Lemma ideal_meet_comm (I J : ideal_elt) : ideal_meet I J = ideal_meet J I.
Proof. apply ideal_eq; simpl; tauto. Qed.

(* Distributivity of the locale [L] is what makes meets of ideals distribute over joins. *)
Lemma ideal_meet_sup_l (I : ideal_elt) (T : ideal_elt -> Prop) :
  ideal_meet I (ideal_sup T) = ideal_sup (img (ideal_meet I) T).
Proof.
  apply ideal_eq; intro y; simpl; split.
  - intros [Hy [l [Hl Hyl]]]; exists (map (mul y) l); split.
    + intros w [z [<- Hz]]%in_map_iff.
      destruct (Hl z Hz) as [J [HJ HJz]]; exists (ideal_meet I J); split; [exists J; auto |].
      split; [apply (proj1 (proj2 (proj2_sig I))) with y; [apply mul_le_l, HL | exact Hy] |].
      apply (proj1 (proj2 (proj2_sig J))) with z; [apply mul_le_r, HL | exact HJz].
    + rewrite <- (sup_preserving_lsup _ _ _ (mul_l_sup_preserving L y)).
      apply le_mul; [exact HL | apply le_refl | exact Hyl].
  - intro Hy; split.
    + apply (ideal_closure_least _ _ _ (proj2_sig I)) with (2 := Hy).
      intros z [J' [[J [_ ->]] [Hz _]]]; exact Hz.
    + apply (ideal_closure_least _ _ _ (ideal_closure_ideal _ _)) with (2 := Hy).
      intros z [J' [[J [HJ ->]] [_ Hz]]]; apply ideal_closure_incl; eauto.
Qed.

Definition ideal_quantale : quantale.
Proof.
  refine {| car := ideal_elt;
            le I J := forall y, proj1_sig I y -> proj1_sig J y;
            sup := ideal_sup; mul := ideal_meet; inv I := I |}.
  - auto.
  - auto.
  - intros I J HIJ HJI; apply ideal_eq; split; auto.
  - intros T I HI y Hy; apply ideal_closure_incl; eauto.
  - intros T J HJ; apply ideal_closure_least; [apply (proj2_sig J) |].
    intros z [I [HI Hz]]; exact (HJ I HI z Hz).
  - intros I J K; apply ideal_eq; simpl; tauto.
  - exact ideal_meet_sup_l.
  - intros I T; rewrite ideal_meet_comm, ideal_meet_sup_l.
    f_equal; apply functional_extensionality; intro J.
    apply propositional_extensionality; split; intros [K [HK ->]]; exists K;
      rewrite ideal_meet_comm; auto.
  - reflexivity.
  - apply ideal_meet_comm.
  - intro T; f_equal; apply functional_extensionality; intro I.
    apply propositional_extensionality; split; [intro HI; exists I; auto | intros [J [HJ ->]]; exact HJ].
Defined.

Definition ideal_full : ideal_quantale :=
  exist is_ideal (fun _ => True) (conj I (conj (fun _ _ _ _ => I) (fun _ _ _ _ => I))).

Lemma ideal_full_cat_unit k : cat_unit k ideal_quantale ideal_full.
Proof.
  destruct k; simpl.
  - intro I; split; apply ideal_eq; simpl; tauto.
  - apply ideal_eq; simpl; split; [intros _ | auto].
    apply ideal_closure_incl; exists ideal_full; simpl; auto.
Qed.

Lemma ideal_quantale_cat_obj k : cat_obj k ideal_quantale.
Proof.
  apply (cat_obj_of_unit _ _ _ (ideal_full_cat_unit k)), ideal_eq; simpl; tauto.
Qed.
End IdealQuantale.

Definition approx_set {D L : quantale} (f : D -> L) (a : D) : L -> Prop :=
  fun y => exists x, well_inside x a /\ le y (f x).

Section Approx.
Variables (D L : quantale) (f : D -> L).
Hypotheses (HD : is_locale D) (Hf : inv_qhom D L f).

Lemma approx_set_ideal a : is_ideal (approx_set f a).
Proof.
  split; [| split].
  - exists (bot D); split; [apply well_inside_bot, HD | apply bot_le].
  - intros x y Hxy [z [Hz Hy]]; exists z; split; [exact Hz | eapply le_trans; eassumption].
  - intros x y [z1 [H1 Hx]] [z2 [H2 Hy]]; exists (join z1 z2).
    split; [apply well_inside_join; assumption |].
    rewrite (sup_preserving_join _ _ _ (proj1 Hf)).
    apply join_le; eauto using le_trans, le_join_l, le_join_r.
Qed.

Lemma approx_set_mono a b y : le a b -> approx_set f a y -> approx_set f b y.
Proof.
  intros Hab [x [Hx Hy]]; exists x; split; [| exact Hy].
  exact (well_inside_mono _ HD x x a b (le_refl _ x) Hx Hab).
Qed.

· · · · · · ·

__Task prompt__
Repeat everything in the listing above exactly.

__Expected answer__
Lemma ideal_meet_comm (I J : ideal_elt) : ideal_meet I J = ideal_meet J I.
Proof. apply ideal_eq; simpl; tauto. Qed.

(* Distributivity of the locale [L] is what makes meets of ideals distribute over joins. *)
Lemma ideal_meet_sup_l (I : ideal_elt) (T : ideal_elt -> Prop) :
  ideal_meet I (ideal_sup T) = ideal_sup (img (ideal_meet I) T).
Proof.
  apply ideal_eq; intro y; simpl; split.
  - intros [Hy [l [Hl Hyl]]]; exists (map (mul y) l); split.
    + intros w [z [<- Hz]]%in_map_iff.
      destruct (Hl z Hz) as [J [HJ HJz]]; exists (ideal_meet I J); split; [exists J; auto |].
      split; [apply (proj1 (proj2 (proj2_sig I))) with y; [apply mul_le_l, HL | exact Hy] |].
      apply (proj1 (proj2 (proj2_sig J))) with z; [apply mul_le_r, HL | exact HJz].
    + rewrite <- (sup_preserving_lsup _ _ _ (mul_l_sup_preserving L y)).
      apply le_mul; [exact HL | apply le_refl | exact Hyl].
  - intro Hy; split.
    + apply (ideal_closure_least _ _ _ (proj2_sig I)) with (2 := Hy).
      intros z [J' [[J [_ ->]] [Hz _]]]; exact Hz.
    + apply (ideal_closure_least _ _ _ (ideal_closure_ideal _ _)) with (2 := Hy).
      intros z [J' [[J [HJ ->]] [_ Hz]]]; apply ideal_closure_incl; eauto.
Qed.

Definition ideal_quantale : quantale.
Proof.
  refine {| car := ideal_elt;
            le I J := forall y, proj1_sig I y -> proj1_sig J y;
            sup := ideal_sup; mul := ideal_meet; inv I := I |}.
  - auto.
  - auto.
  - intros I J HIJ HJI; apply ideal_eq; split; auto.
  - intros T I HI y Hy; apply ideal_closure_incl; eauto.
  - intros T J HJ; apply ideal_closure_least; [apply (proj2_sig J) |].
    intros z [I [HI Hz]]; exact (HJ I HI z Hz).
  - intros I J K; apply ideal_eq; simpl; tauto.
  - exact ideal_meet_sup_l.
  - intros I T; rewrite ideal_meet_comm, ideal_meet_sup_l.
    f_equal; apply functional_extensionality; intro J.
    apply propositional_extensionality; split; intros [K [HK ->]]; exists K;
      rewrite ideal_meet_comm; auto.
  - reflexivity.
  - apply ideal_meet_comm.
  - intro T; f_equal; apply functional_extensionality; intro I.
    apply propositional_extensionality; split; [intro HI; exists I; auto | intros [J [HJ ->]]; exact HJ].
Defined.

Definition ideal_full : ideal_quantale :=
  exist is_ideal (fun _ => True) (conj I (conj (fun _ _ _ _ => I) (fun _ _ _ _ => I))).

Lemma ideal_full_cat_unit k : cat_unit k ideal_quantale ideal_full.
Proof.
  destruct k; simpl.
  - intro I; split; apply ideal_eq; simpl; tauto.
  - apply ideal_eq; simpl; split; [intros _ | auto].
    apply ideal_closure_incl; exists ideal_full; simpl; auto.
Qed.

Lemma ideal_quantale_cat_obj k : cat_obj k ideal_quantale.
Proof.
  apply (cat_obj_of_unit _ _ _ (ideal_full_cat_unit k)), ideal_eq; simpl; tauto.
Qed.
End IdealQuantale.

Definition approx_set {D L : quantale} (f : D -> L) (a : D) : L -> Prop :=
  fun y => exists x, well_inside x a /\ le y (f x).

Section Approx.
Variables (D L : quantale) (f : D -> L).
Hypotheses (HD : is_locale D) (Hf : inv_qhom D L f).

Lemma approx_set_ideal a : is_ideal (approx_set f a).
Proof.
  split; [| split].
  - exists (bot D); split; [apply well_inside_bot, HD | apply bot_le].
  - intros x y Hxy [z [Hz Hy]]; exists z; split; [exact Hz | eapply le_trans; eassumption].
  - intros x y [z1 [H1 Hx]] [z2 [H2 Hy]]; exists (join z1 z2).
    split; [apply well_inside_join; assumption |].
    rewrite (sup_preserving_join _ _ _ (proj1 Hf)).
    apply join_le; eauto using le_trans, le_join_l, le_join_r.
Qed.

Lemma approx_set_mono a b y : le a b -> approx_set f a y -> approx_set f b y.
Proof.
  intros Hab [x [Hx Hy]]; exists x; split; [| exact Hy].
  exact (well_inside_mono _ HD x x a b (le_refl _ x) Hx Hab).
Qed.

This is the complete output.